The next day brought more. A politically sensitive plan was revived to let supermarkets, such as Walmart and Tesco, set up in India. The proposal was advanced last year, but stalled when Ms Banerjee threw her weight behind objections, claiming that foreign retailers would cost local jobs. For foreign investors waiting for straws in the wind, it became a symbolic issue, though investment flows into retailing are unlikely to be huge. This time round a proposed fudge would let individual states veto foreign supermarkets, though that may not prove legal.

Restrictions went, too, on outsiders’ single-brand shops, like Sweden’s IKEA, selling furniture. The government told foreigners they could buy minority stakes in domestic airlines. It also said it was selling equity stakes in state-run firms, to help fill the public kitty.

Investors cheered, the stockmarket rose and Mr Chidambaram hinted at still bigger changes to come. 

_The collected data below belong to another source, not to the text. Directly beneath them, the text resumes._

Lemma fset1_neq0 (x : K) : [fset x] != fset0.
Proof. by apply/fset0Pn; exists x; rewrite inE. Qed.

Lemma fset_argmin phi X : X != fset0 ->
  exists2 a, a \in X & forall b, b \in X -> phi a <= phi b.
Proof.
case/fset0Pn => x xX.
case: (@arg_minP _ _ X [` xX] xpredT (fun i : X => phi (val i))) => //= i _ Hi.
by exists (val i) => [|b bX]; [exact: valP | exact: (Hi [` bX])].
Qed.

End FinsetSums.
Arguments fset_argmin {R K} phi {X}.
Arguments sumr_mem_fset {R K X Y} d.
Arguments ler_sum_fsubset {R K X Y phi}.

Section SumsetsAndMaxConvolutions.
Variables (R : realType) (G : zmodType) (U : {fset G}).
Implicit Types (p q : R) (g h : G -> R) (A B S T X Y : {fset G}).

Section Summability.
Local Open Scope classical_set_scope.
Implicit Type F : G -> R.

Lemma fsum_le_esum F X :
  ((\sum_(x <- X) F x)%:E <= \esum_(x in [set: G]) (F x)%:E)%E.
Proof.
apply: esum_ge; exists [set` X]; first by split; [exact: finite_fset | exact: subsetT].
by rewrite fsbig_finite ?set_fsetK ?sumEFin //; exact: finite_fset.
Qed.

Lemma esum_le_of_fsum {F} {c : R} :
  (forall X, \sum_(x <- X) F x <= c) -> (\esum_(x in [set: G]) (F x)%:E <= c%:E)%E.
Proof.
move=> H; apply: ge_ereal_sup => _ [A [finA _] <-].
by rewrite fsbig_finite // sumEFin lee_fin.
Qed.

Lemma fsum_le_fine_esum {F} X : (forall x, 0 <= F x) ->
  (\esum_(x in [set: G]) (F x)%:E < +oo)%E ->
  \sum_(x <- X) F x <= fine (\esum_(x in [set: G]) (F x)%:E).
Proof.
move=> F0 Ffin; have E0 : (0 <= \esum_(x in [set: G]) (F x)%:E)%E.
  by apply: esum_ge0 => x _; rewrite lee_fin.
by rewrite -lee_fin fineK ?fsum_le_esum // ge0_fin_numE.
Qed.

Lemma admissible_le_l1norm {g} x : admissible g -> g x <= fine (l1norm g).
Proof.
by case=> g0 [_ gfin]; have := fsum_le_fine_esum [fset x] g0 gfin; rewrite big_seq_fset1.
Qed.

Lemma admissible_powR_summable {g} {p : R} : admissible g -> 1 <= p ->
  (\esum_(x in [set: G]) (powR (g x) p)%:E < +oo)%E.
Proof.
move=> ag p1; have [g0 [_ gfin]] := ag; have p0 : 0 < p by apply: lt_le_trans p1.
set K := fine (l1norm g).
suff H : forall X, \sum_(x <- X) powR (g x) p <= powR K (p - 1) * K.
  by apply: le_lt_trans (esum_le_of_fsum H) _; rewrite ltry.
move=> X; apply: le_trans (_ : \sum_(x <- X) (powR K (p - 1) * g x) <= _).
  apply: ler_sum => x _; rewrite -(mulr_powRB1 (g0 x) p0) mulrC ler_wpM2r //.
  have gK := admissible_le_l1norm x ag.
  by apply: ge0_ler_powR; rewrite ?nnegrE ?subr_ge0 // (le_trans (g0 x)).
by rewrite -mulr_sumr ler_wpM2l ?powR_ge0 ?fsum_le_fine_esum.
Qed.

Lemma admissible_powR_gt0 {g} {p : R} : admissible g -> 1 <= p ->
  0 < fine (\esum_(x in [set: G]) (powR (g x) p)%:E).
Proof.
move=> ag p1; have [g0 [[x0 gx0] _]] := ag.
apply: lt_le_trans (fsum_le_fine_esum [fset x0] _ (admissible_powR_summable ag p1)).
  by rewrite big_seq_fset1 powR_gt0 // lt_def gx0 g0.
by move=> x; exact: powR_ge0.
Qed.

Lemma admissible_level_finite {g} {e : R} : admissible g -> 0 < e ->
  finite_set [set x | e <= g x].
Proof.
move=> ag e0; have [g0 [_ gfin]] := ag; set K := fine (l1norm g).
have K0 : 0 <= K := le_trans (g0 0) (admissible_le_l1norm 0 ag).
apply: contrapT => inf.
have [n Hn] : exists n : nat, K / e < n%:R.
  by exists (Num.Def.archi_bound (K / e)); apply: archi_boundP; rewrite divr_ge0 // ltW.
have [B BA Bn] := infinite_set_fset n inf.
have : e *+ #|` B| <= K.
  apply: le_trans (fsum_le_fine_esum B g0 gfin); rewrite -sumr_const_fset.
  by rewrite big_seq [leRHS]big_seq; apply: ler_sum => x /BA.
rewrite -mulr_natr mulrC -ler_pdivlMr // leNgt.
by rewrite (lt_le_trans Hn) // ler_nat.
Qed.

Lemma mul_powR_fine_esum_le F (k r l : R) :
  (forall x, 0 <= F x) -> 0 <= k -> 0 < r ->
  (forall X, k * powR (\sum_(x <- X) F x) r <= l) ->
  k * powR (fine (\esum_(x in [set: G]) (F x)%:E)) r <= l.
Proof.
move=> F0 k0 r0 H.
have l0 : 0 <= l by have := H fset0; rewrite big_seq_fset0 powR0 ?gt_eqF // mulr0.
have [->|kn0] := eqVneq k 0; first by rewrite mul0r.
have kp : 0 < k by rewrite lt_def kn0.
rewrite mulrC -ler_pdivlMr //; set c := l / k.
have HX X : \sum_(x <- X) F x <= powR c r^-1.
  rewrite -(gt0_ler_powR_mono r0) ?nnegrE ?powR_ge0 ?sumr_ge0 // powR_powRV ?divr_ge0 //.
  by rewrite /c ler_pdivlMr // mulrC.
have E := esum_le_of_fsum HX.
have E0 : (0 <= \esum_(x in [set: G]) (F x)%:E)%E by apply: esum_ge0 => x _; rewrite lee_fin.
have Efin : \esum_(x in [set: G]) (F x)%:E \is a fin_num.
  by rewrite ge0_fin_numE // (le_lt_trans E) ?ltry.
rewrite -[leRHS](powR_powRV r0) ?divr_ge0 // (gt0_ler_powR_mono r0) ?nnegrE ?fine_ge0 ?powR_ge0 //.
by rewrite -lee_fin fineK.
Qed.

End Summability.

Section Sumsets.
Implicit Types Z V : {fset G}.

Definition fsumset X Y : {fset G} := [fset x + y | x in X, y in Y].

Lemma mem_fsumset X Y z :
  reflect (exists x y, [/\ x \in X, y \in Y & z = x + y]) (z \in fsumset X Y).
Proof.
apply: (iffP idP) => [/imfset2P [x xX [y yY ->]]|[x [y [xX yY ->]]]]; first by exists x, y.
by apply/imfset2P; exists x => //; exists y.
Qed.

Lemma fsumsetC X Y : fsumset X Y = fsumset Y X.
Proof.
by apply/fsetP => z; apply/mem_fsumset/mem_fsumset => -[x [y [xX yY ->]]];
  exists y, x; rewrite addrC.
Qed.

Lemma fsumsetA X Y Z : fsumset X (fsumset Y Z) = fsumset (fsumset X Y) Z.
Proof.
apply/fsetP => w; apply/mem_fsumset/mem_fsumset.
  case=> x [_ [xX /mem_fsumset [y [z [yY zZ ->]]] ->]].
  by exists (x + y), z; split=> //; [apply/mem_fsumset; exists x, y | rewrite addrA].
case=> _ [z [/mem_fsumset [x [y [xX yY ->]]] zZ ->]].
by exists x, (y + z); split=> //; [apply/mem_fsumset; exists y, z | rewrite addrA].
Qed.

Lemma fsumsetS X Y X' Y' : X `<=` X' -> Y `<=` Y' -> fsumset X Y `<=` fsumset X' Y'.
Proof.
move=> /fsubsetP XX' /fsubsetP YY'; apply/fsubsetP => _ /mem_fsumset [x [y [xX yY ->]]].
by apply/mem_fsumset; exists x, y; split; [apply: XX' | apply: YY' |].
Qed.

Lemma sumset3E A B V : sumset3 A B V = fsumset (fsumset A B) V.
Proof. by []. Qed.

Lemma sumset3S {A B A' B'} V : A `<=` A' -> B `<=` B' -> sumset3 A B V `<=` sumset3 A' B' V.
Proof. by move=> AA' BB'; rewrite !sumset3E !fsumsetS. Qed.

Seemingly endless talk about corruption fell away, a boon for Congress. But the political reaction, led by Ms Banerjee, only mounted. The opposition parties—the Bharatiya Janata Party (BJP), the Communists and various regional parties—organised street protests and vowed to block change. Even a Congress ally from Tamil Nadu joined the protests.

The BJP, which used its tantrums to stymie the parliamentary session that has just ended, demands that MPs now reconvene. Its approach looks risky: middle-class voters may think it is becoming anti-growth. But a rumour also spread suggesting Congress only wanted more balanced books so it could afford to dish out goodies in next spring’s budget.

Ms Banerjee’s stock is probably set to fall. Though outspoken, she also looks untrustworthy and fractious. Yet she leaves Congress in a bind. If Mr Singh pulls back hard on reforms, he will look craven and cowed by an ally a tenth his party’s size. Yet becoming a minority government is awkward too, especially given scandals over corruption and Congress’s likely walloping in several big state elections next year.

So, as The Economist went to press, Congress was hunting for a replacement for Ms Banerjee’s support. That may be a party which is not keen on early national polls. Perhaps parliamentary backing could come from the 21 national MPs controlled by Mayawati, the dalit (untouchable) leader from Uttar Pradesh.

More likely the current ruler of Uttar Pradesh, the Samajwadi Party of Mulayam Singh Yadav, with 22 national MPs, might be persuaded to join if offered a big enough dollop of development funds for the state. One way or another Congress should hang on. The trouble is that the prospect of recasting India as open for reforms and higher growth could dim once more in the coming days. The baffling swirl of Indian politics makes for a gripping entertainment. But after the drama, will someone remember the economy and India’s stalled development?